Aim of the task:
Word for word, reproduce the data that follows.

(Provided data begins)

(* A unit functional [g] either nearly attains its norm at [x], and is then
   close to [h], or is bounded by [1 - dl] at [x], and then [r dl = D]
   absorbs the diameter of [C]. *)
Lemma cball_contains (C : set X) (h : X -> R) (x c0 : X) (t dl D r : R) :
  linear_form h -> `|x| = 1 -> 0 <= t -> 0 <= r -> r * dl = D ->
  (forall g, linear_form g -> (forall y, `|g y| <= `|y|) -> 1 - dl <= g x ->
     forall y, `|h y - g y| <= 2 * t * `|y|) ->
  (forall c c', C c -> C c' -> `|c - c'| <= D) ->
  C c0 -> (forall c, C c -> h c - h c0 <= t * D) ->
  C `<=` cball (c0 - r *: x) (r + 3 * t * D).
Proof.
move=> lh x1 t0 r0 rdl hg CD Cc0 hc0 c Cc; rewrite /cball /=.
have [g [lg g1 <-]] := norming_form (c - (c0 - r *: x)).
rewrite opprB addrA addrAC (linear_formD lg (c - c0)) (linear_formZ lg).
have cc0 := CD c c0 Cc Cc0.
have gcc0 : g (c - c0) <= D := le_trans (ler_norm _) (le_trans (g1 _) cc0).
have gx1 : g x <= 1 by rewrite -x1; exact: le_trans (ler_norm _) (g1 x).
have rgx : r * g x <= r by rewrite ler_piMr.
have [gx|gx] := lerP (1 - dl) (g x).
  have := hg g lg g1 gx (c - c0); rewrite (linear_formB lh).
  have := ler_norm (- (h c - h c0 - g (c - c0))); rewrite normrN.
  have : t * `|c - c0| <= t * D by rewrite ler_wpM2l.
  by have := hc0 c Cc; lra.
have : r * g x <= r * (1 - dl) by rewrite ler_wpM2l //; lra.
by rewrite mulrBr mulr1 rdl; have := mulr_ge0 t0 (le_trans (normr_ge0 _) cc0); lra.
Qed.

Lemma separate_far_set (C : set X) (p : X) (e D : R) : 0 < e -> C !=set0 ->
  convex_set (C : set (convex_lmodType X)) ->
  (forall c c', C c -> C c' -> `|c - c'| <= D) -> (forall c, C c -> e <= `|p - c|) ->
  exists f, [/\ dual_sphere f & forall (c : X) (t : R), C c -> 0 <= t -> t <= 1 ->
    e - t * (2 * D + e) <= f (p - c) - t * `|p - c|].
Proof.
move=> e0 [c1 Cc1] Cconv CD Ce.
pose d := `|p - c1|.
have pc c : C c -> `|p - c| <= d + D.
  move=> Cc; have := ler_normD (p - c1) (c1 - c); rewrite addrA subrK.
  by have := CD c1 c Cc1 Cc; rewrite /d; lra.
pose mu := Num.max e (d - D).
have mu_e : e <= mu by rewrite le_max lexx.
have mu_le c : C c -> mu <= `|p - c|.
  move=> Cc; rewrite ge_max Ce //=.
  have := ler_normD (p - c) (c - c1); rewrite addrA subrK.
  by have := CD c c1 Cc Cc1; rewrite /d; lra.
have [f [df f1 fC]] := separate_convex_point (lt_le_trans e0 mu_e)
  (ex_intro _ _ Cc1) Cconv mu_le.
exists f; split => // c t Cc t0 t1.
have : t * `|p - c| <= t * (d + D) by rewrite ler_wpM2l // pc.
have := fC c Cc.
have [dDe|dDe] := lerP d (D + e).
  have : t * (d + D) <= t * (2 * D + e) by rewrite ler_wpM2l //; lra.
  lra.
have : (D + e) * (1 - t) <= d * (1 - t) by rewrite ler_wpM2r //; lra.
have : d - D <= mu by rewrite le_max lexx orbT.
nra.
Qed.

(Provided data ends)

Task answer:
(* A unit functional [g] either nearly attains its norm at [x], and is then
   close to [h], or is bounded by [1 - dl] at [x], and then [r dl = D]
   absorbs the diameter of [C]. *)
Lemma cball_contains (C : set X) (h : X -> R) (x c0 : X) (t dl D r : R) :
  linear_form h -> `|x| = 1 -> 0 <= t -> 0 <= r -> r * dl = D ->
  (forall g, linear_form g -> (forall y, `|g y| <= `|y|) -> 1 - dl <= g x ->
     forall y, `|h y - g y| <= 2 * t * `|y|) ->
  (forall c c', C c -> C c' -> `|c - c'| <= D) ->
  C c0 -> (forall c, C c -> h c - h c0 <= t * D) ->
  C `<=` cball (c0 - r *: x) (r + 3 * t * D).
Proof.
move=> lh x1 t0 r0 rdl hg CD Cc0 hc0 c Cc; rewrite /cball /=.
have [g [lg g1 <-]] := norming_form (c - (c0 - r *: x)).
rewrite opprB addrA addrAC (linear_formD lg (c - c0)) (linear_formZ lg).
have cc0 := CD c c0 Cc Cc0.
have gcc0 : g (c - c0) <= D := le_trans (ler_norm _) (le_trans (g1 _) cc0).
have gx1 : g x <= 1 by rewrite -x1; exact: le_trans (ler_norm _) (g1 x).
have rgx : r * g x <= r by rewrite ler_piMr.
have [gx|gx] := lerP (1 - dl) (g x).
  have := hg g lg g1 gx (c - c0); rewrite (linear_formB lh).
  have := ler_norm (- (h c - h c0 - g (c - c0))); rewrite normrN.
  have : t * `|c - c0| <= t * D by rewrite ler_wpM2l.
  by have := hc0 c Cc; lra.
have : r * g x <= r * (1 - dl) by rewrite ler_wpM2l //; lra.
by rewrite mulrBr mulr1 rdl; have := mulr_ge0 t0 (le_trans (normr_ge0 _) cc0); lra.
Qed.

Lemma separate_far_set (C : set X) (p : X) (e D : R) : 0 < e -> C !=set0 ->
  convex_set (C : set (convex_lmodType X)) ->
  (forall c c', C c -> C c' -> `|c - c'| <= D) -> (forall c, C c -> e <= `|p - c|) ->
  exists f, [/\ dual_sphere f & forall (c : X) (t : R), C c -> 0 <= t -> t <= 1 ->
    e - t * (2 * D + e) <= f (p - c) - t * `|p - c|].
Proof.
move=> e0 [c1 Cc1] Cconv CD Ce.
pose d := `|p - c1|.
have pc c : C c -> `|p - c| <= d + D.
  move=> Cc; have := ler_normD (p - c1) (c1 - c); rewrite addrA subrK.
  by have := CD c1 c Cc1 Cc; rewrite /d; lra.
pose mu := Num.max e (d - D).
have mu_e : e <= mu by rewrite le_max lexx.
have mu_le c : C c -> mu <= `|p - c|.
  move=> Cc; rewrite ge_max Ce //=.
  have := ler_normD (p - c) (c - c1); rewrite addrA subrK.
  by have := CD c c1 Cc Cc1; rewrite /d; lra.
have [f [df f1 fC]] := separate_convex_point (lt_le_trans e0 mu_e)
  (ex_intro _ _ Cc1) Cconv mu_le.
exists f; split => // c t Cc t0 t1.
have : t * `|p - c| <= t * (d + D) by rewrite ler_wpM2l // pc.
have := fC c Cc.
have [dDe|dDe] := lerP d (D + e).
  have : t * (d + D) <= t * (2 * D + e) by rewrite ler_wpM2l //; lra.
  lra.
have : (D + e) * (1 - t) <= d * (1 - t) by rewrite ler_wpM2r //; lra.
have : d - D <= mu by rewrite le_max lexx orbT.
nra.
Qed.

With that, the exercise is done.